Source information Start Marker

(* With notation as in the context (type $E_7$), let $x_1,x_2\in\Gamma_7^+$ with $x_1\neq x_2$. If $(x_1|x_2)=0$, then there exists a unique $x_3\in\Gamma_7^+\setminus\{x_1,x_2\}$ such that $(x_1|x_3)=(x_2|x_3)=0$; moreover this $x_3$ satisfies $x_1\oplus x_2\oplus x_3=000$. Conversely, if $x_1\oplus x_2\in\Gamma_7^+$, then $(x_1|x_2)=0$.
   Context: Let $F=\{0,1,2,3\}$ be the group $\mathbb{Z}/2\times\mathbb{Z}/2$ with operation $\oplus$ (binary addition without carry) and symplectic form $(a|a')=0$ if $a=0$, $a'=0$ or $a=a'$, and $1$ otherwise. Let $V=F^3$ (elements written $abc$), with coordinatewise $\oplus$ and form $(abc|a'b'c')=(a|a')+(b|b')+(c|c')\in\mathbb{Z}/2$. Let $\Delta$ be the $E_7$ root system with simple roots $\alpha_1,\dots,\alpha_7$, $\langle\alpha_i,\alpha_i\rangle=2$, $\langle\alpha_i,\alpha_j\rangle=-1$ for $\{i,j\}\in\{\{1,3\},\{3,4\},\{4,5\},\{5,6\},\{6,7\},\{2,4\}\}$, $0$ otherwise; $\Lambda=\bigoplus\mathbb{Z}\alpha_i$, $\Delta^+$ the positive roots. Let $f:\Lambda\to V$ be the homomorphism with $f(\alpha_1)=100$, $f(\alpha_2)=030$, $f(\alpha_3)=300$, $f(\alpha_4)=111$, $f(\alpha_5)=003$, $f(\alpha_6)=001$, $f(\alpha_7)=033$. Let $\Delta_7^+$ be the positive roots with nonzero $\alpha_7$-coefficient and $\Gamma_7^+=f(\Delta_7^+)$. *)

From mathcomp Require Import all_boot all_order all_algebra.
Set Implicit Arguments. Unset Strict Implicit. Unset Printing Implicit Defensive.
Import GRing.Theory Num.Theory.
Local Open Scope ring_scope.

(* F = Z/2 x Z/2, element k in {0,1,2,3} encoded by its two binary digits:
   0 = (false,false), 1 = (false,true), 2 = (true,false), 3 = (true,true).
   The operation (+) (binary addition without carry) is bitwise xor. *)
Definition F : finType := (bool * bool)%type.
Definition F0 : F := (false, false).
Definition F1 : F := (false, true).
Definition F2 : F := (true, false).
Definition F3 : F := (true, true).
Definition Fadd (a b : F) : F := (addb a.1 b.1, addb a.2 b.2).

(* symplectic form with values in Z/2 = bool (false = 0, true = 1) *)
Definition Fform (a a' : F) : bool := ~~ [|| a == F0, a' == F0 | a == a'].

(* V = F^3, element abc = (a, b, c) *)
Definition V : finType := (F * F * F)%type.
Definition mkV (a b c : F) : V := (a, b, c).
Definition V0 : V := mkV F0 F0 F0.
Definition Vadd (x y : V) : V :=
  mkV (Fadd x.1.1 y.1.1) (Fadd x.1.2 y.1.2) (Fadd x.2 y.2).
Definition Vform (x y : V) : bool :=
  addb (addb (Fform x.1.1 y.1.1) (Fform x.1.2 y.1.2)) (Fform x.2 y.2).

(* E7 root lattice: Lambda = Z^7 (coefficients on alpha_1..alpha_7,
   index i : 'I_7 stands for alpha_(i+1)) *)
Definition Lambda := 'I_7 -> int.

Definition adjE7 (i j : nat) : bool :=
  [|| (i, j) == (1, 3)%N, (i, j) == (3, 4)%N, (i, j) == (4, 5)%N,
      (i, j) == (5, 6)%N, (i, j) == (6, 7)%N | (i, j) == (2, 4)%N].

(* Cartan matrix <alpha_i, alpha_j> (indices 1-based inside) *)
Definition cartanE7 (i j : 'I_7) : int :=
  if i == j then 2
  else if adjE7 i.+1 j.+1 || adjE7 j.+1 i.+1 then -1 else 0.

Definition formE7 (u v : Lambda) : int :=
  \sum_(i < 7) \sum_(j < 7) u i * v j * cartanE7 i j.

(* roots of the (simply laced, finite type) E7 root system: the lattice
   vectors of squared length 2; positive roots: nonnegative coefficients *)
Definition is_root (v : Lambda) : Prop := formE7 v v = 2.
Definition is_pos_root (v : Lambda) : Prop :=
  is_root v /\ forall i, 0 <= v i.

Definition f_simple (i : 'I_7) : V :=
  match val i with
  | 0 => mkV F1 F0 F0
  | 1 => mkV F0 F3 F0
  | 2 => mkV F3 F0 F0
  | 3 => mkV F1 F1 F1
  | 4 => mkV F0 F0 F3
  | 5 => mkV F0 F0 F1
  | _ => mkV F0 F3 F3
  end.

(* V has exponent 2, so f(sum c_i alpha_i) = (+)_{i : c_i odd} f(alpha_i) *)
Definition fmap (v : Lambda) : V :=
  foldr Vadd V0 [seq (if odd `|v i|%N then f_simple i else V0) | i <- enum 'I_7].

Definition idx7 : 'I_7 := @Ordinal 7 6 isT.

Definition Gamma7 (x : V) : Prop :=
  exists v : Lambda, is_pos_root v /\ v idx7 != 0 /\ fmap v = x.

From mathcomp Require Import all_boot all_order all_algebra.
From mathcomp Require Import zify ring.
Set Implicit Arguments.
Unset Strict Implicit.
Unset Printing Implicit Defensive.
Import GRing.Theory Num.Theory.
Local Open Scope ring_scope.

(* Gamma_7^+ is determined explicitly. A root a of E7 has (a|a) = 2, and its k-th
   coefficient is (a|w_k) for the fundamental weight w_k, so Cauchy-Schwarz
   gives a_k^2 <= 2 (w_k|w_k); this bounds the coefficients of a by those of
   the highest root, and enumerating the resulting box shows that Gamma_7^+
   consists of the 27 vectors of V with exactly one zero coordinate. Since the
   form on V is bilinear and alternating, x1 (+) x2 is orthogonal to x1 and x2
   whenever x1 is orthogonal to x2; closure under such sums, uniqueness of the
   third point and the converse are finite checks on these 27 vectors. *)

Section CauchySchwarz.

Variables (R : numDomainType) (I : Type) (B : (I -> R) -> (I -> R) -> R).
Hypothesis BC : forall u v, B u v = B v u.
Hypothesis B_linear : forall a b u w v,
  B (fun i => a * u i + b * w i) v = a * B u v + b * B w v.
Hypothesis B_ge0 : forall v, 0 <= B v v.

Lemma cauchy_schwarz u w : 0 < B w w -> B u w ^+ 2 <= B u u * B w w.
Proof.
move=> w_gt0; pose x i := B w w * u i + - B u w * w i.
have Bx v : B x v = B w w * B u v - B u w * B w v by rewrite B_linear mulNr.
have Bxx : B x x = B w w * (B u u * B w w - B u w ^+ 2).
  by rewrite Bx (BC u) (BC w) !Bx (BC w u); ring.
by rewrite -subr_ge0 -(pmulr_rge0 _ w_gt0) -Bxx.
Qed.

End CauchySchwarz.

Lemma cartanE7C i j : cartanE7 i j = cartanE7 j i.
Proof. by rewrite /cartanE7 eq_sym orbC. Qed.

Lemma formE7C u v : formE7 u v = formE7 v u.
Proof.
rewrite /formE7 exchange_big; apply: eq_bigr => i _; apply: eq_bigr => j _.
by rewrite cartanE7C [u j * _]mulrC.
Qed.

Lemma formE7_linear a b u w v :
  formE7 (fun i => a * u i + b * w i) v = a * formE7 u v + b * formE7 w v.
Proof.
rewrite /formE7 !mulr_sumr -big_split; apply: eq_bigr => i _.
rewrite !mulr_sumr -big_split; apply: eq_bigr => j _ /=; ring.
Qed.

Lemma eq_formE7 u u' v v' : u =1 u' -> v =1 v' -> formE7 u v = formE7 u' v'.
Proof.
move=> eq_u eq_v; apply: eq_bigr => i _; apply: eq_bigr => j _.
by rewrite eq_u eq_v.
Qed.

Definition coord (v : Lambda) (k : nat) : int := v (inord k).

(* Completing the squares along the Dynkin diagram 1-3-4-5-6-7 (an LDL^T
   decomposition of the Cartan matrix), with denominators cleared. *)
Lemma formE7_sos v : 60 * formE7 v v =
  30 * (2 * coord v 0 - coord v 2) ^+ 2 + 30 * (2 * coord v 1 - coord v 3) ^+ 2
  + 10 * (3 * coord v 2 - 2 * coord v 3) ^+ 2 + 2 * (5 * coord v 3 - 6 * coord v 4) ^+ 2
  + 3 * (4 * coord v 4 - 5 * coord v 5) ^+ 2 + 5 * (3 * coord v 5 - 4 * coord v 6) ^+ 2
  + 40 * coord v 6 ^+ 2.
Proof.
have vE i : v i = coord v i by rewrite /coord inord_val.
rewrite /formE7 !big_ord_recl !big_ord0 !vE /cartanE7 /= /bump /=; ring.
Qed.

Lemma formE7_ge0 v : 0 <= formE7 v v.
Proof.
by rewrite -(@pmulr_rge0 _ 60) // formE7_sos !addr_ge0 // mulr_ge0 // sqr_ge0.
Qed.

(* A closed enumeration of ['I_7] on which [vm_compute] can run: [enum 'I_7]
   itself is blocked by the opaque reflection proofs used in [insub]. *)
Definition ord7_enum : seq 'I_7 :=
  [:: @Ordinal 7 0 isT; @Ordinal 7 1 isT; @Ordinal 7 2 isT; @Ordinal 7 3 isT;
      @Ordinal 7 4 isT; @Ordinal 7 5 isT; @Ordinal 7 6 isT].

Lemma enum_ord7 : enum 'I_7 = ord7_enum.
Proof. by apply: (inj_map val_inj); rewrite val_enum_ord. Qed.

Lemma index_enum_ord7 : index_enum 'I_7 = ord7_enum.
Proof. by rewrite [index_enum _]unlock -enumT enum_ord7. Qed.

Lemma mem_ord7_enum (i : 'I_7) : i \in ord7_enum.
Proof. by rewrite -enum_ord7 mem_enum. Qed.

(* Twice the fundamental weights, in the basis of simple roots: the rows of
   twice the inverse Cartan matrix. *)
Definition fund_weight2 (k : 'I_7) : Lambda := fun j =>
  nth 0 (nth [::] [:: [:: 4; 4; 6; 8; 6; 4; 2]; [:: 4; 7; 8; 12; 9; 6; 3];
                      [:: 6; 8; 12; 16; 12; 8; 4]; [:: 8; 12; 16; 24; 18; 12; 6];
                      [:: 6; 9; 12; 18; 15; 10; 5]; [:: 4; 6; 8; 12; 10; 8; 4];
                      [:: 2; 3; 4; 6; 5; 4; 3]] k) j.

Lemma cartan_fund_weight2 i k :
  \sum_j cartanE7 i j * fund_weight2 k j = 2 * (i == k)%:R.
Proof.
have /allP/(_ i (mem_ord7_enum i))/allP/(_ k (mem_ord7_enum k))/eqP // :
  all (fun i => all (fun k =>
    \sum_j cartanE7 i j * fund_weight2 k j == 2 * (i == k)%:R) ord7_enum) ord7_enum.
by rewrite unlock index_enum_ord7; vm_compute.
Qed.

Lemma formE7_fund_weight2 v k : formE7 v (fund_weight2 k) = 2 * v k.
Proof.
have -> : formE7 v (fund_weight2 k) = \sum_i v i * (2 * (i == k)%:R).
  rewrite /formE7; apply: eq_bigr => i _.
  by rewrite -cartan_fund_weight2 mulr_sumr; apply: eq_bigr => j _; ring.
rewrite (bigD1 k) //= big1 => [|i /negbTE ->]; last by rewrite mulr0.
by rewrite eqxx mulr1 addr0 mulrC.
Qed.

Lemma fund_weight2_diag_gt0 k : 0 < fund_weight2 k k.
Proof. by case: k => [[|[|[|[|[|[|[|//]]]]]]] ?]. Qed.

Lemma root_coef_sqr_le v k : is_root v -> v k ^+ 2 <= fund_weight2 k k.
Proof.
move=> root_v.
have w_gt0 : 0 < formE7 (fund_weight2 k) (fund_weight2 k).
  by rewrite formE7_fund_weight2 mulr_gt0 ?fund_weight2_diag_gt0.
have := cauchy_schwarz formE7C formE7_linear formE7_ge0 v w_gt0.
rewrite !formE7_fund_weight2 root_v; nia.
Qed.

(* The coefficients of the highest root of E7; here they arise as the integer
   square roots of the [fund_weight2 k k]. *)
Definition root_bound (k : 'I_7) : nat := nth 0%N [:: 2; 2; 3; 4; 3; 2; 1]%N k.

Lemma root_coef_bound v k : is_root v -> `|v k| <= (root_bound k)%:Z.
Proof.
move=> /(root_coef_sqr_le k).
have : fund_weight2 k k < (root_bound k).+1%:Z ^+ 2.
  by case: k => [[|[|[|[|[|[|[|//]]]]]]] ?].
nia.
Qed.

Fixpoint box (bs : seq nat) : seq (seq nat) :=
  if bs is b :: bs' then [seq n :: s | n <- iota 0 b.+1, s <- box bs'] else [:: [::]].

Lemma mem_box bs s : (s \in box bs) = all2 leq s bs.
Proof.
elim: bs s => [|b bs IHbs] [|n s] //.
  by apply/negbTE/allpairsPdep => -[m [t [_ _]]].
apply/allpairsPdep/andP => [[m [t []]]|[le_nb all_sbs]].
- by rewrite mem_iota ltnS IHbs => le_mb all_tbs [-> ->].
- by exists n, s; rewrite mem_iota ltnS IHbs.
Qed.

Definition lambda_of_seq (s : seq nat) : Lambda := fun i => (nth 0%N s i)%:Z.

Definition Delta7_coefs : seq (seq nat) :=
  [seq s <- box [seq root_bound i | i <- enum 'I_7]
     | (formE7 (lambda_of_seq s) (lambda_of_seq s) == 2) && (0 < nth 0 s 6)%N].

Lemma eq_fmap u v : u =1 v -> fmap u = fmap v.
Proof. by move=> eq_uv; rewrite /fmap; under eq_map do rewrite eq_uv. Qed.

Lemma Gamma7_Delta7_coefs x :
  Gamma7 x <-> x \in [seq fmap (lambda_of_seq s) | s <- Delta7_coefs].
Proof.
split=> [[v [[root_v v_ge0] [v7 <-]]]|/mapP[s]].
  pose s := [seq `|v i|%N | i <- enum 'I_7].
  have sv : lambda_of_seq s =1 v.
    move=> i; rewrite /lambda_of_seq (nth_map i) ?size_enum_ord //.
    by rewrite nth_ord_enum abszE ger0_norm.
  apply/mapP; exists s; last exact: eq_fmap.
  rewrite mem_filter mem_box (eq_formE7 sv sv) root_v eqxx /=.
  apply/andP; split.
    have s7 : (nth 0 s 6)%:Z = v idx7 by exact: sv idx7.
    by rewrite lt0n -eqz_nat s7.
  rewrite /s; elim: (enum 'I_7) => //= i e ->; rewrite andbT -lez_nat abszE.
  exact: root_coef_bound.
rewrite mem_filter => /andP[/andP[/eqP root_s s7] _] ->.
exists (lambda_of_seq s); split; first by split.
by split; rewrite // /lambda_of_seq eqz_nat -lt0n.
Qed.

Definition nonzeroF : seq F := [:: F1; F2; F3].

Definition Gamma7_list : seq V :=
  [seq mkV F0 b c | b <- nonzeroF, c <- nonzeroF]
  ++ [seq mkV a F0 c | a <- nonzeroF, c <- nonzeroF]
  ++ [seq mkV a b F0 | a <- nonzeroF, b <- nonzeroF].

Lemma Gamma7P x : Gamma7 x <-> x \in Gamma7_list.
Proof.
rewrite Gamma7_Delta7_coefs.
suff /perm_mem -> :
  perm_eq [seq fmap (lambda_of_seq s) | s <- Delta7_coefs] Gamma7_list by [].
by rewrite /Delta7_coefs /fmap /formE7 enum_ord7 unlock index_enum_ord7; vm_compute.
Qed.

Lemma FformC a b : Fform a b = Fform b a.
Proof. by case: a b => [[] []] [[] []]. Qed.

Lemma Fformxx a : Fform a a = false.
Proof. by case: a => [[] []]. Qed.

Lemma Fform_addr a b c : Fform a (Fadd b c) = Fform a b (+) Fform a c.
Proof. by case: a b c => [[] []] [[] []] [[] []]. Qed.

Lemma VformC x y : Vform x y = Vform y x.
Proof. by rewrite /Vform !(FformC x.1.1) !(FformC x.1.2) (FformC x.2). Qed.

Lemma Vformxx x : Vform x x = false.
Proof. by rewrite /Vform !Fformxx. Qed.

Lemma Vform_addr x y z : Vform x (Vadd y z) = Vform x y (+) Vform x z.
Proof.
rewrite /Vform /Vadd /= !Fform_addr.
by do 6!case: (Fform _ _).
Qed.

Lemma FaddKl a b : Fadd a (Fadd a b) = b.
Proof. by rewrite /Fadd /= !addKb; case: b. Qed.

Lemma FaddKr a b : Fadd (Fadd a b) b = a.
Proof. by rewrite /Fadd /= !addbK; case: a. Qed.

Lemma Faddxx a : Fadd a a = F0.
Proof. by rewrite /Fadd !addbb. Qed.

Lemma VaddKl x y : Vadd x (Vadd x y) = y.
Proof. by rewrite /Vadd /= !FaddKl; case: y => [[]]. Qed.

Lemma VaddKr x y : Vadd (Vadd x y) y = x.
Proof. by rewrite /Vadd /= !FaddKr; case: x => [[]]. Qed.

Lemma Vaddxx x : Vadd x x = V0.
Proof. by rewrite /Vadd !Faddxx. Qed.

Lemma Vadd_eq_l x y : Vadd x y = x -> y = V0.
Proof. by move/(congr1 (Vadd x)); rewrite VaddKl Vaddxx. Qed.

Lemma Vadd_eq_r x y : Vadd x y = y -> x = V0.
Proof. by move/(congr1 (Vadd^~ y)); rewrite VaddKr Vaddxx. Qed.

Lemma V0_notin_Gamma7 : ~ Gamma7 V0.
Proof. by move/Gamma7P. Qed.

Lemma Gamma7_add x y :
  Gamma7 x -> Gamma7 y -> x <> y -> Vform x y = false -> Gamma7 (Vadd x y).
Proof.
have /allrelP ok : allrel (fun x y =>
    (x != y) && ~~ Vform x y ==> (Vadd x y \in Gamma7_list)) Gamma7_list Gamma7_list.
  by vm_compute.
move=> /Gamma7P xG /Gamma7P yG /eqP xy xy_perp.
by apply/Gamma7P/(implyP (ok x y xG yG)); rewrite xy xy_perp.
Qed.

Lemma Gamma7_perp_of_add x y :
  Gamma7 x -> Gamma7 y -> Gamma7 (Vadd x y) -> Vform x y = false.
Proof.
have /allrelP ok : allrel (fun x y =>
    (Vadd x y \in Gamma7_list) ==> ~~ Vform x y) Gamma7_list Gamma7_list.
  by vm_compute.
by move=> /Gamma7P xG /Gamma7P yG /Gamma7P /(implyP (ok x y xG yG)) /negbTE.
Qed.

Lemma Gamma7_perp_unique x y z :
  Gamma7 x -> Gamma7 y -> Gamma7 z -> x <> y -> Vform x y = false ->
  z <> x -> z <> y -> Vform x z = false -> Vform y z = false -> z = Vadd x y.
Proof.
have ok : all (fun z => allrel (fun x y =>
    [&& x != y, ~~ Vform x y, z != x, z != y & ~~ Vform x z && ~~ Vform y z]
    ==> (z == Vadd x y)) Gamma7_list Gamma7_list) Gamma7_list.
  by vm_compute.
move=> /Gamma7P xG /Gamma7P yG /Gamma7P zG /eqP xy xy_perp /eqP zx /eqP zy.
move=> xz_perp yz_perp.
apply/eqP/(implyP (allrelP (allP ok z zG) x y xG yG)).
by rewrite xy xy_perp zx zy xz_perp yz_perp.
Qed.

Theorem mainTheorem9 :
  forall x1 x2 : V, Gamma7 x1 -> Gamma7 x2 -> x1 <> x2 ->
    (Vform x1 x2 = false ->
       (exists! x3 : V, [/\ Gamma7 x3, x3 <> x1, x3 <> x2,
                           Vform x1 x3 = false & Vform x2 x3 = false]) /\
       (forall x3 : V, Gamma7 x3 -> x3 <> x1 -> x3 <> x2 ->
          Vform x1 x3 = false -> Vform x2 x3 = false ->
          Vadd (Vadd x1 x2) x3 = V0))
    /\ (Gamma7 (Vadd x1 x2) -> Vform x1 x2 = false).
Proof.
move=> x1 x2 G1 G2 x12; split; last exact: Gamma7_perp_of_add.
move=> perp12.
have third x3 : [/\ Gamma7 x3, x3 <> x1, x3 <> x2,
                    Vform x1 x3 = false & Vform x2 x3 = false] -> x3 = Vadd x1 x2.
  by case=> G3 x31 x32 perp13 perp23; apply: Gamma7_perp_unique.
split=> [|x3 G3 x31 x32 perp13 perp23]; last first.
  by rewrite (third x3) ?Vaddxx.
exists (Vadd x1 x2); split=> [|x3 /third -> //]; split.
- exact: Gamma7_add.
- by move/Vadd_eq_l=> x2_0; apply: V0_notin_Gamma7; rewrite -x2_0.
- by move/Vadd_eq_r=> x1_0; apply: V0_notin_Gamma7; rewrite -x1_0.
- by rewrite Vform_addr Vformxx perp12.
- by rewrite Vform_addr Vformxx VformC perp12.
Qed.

Source information End Marker
Source information Start Marker

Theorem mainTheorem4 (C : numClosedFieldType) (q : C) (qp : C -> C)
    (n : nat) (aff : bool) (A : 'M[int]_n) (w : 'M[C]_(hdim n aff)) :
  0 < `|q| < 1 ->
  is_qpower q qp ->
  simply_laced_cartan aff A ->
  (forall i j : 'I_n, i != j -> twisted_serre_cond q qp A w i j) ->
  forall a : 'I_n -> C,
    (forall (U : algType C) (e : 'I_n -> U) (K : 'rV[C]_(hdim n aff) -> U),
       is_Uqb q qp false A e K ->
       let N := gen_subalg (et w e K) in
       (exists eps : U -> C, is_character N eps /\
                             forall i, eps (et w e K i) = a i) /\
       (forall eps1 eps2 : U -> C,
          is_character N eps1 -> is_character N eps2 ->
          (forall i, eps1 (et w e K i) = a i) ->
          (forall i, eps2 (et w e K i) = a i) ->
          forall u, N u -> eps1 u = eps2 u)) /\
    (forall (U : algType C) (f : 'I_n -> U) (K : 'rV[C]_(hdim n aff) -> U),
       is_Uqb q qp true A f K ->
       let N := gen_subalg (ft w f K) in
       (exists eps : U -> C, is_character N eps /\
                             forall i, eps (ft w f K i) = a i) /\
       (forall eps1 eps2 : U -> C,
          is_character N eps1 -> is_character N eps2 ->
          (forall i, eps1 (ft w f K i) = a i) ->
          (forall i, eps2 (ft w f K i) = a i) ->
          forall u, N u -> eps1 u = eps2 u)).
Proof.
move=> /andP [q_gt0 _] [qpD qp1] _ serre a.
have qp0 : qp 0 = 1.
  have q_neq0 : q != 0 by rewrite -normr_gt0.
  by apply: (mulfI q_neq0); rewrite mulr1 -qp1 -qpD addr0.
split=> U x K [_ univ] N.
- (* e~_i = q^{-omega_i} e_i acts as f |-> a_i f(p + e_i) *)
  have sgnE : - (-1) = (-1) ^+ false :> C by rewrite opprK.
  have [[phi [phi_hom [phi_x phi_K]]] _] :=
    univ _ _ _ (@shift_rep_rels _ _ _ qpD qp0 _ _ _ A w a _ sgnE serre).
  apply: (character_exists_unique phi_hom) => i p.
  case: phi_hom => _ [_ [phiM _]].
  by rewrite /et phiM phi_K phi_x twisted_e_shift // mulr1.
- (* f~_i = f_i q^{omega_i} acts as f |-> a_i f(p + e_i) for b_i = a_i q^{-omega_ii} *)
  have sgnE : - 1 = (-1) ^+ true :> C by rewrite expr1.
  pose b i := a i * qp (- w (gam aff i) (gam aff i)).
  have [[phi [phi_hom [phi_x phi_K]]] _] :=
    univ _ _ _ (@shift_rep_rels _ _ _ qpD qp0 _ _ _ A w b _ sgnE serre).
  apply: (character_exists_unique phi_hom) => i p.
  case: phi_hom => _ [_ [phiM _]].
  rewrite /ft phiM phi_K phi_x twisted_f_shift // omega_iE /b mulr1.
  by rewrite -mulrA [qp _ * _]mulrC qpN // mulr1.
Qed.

Source information End Marker

■ Task goal
Some lines in the records above contain "highest". Count them and give the number only.

■ Response for this exercise
2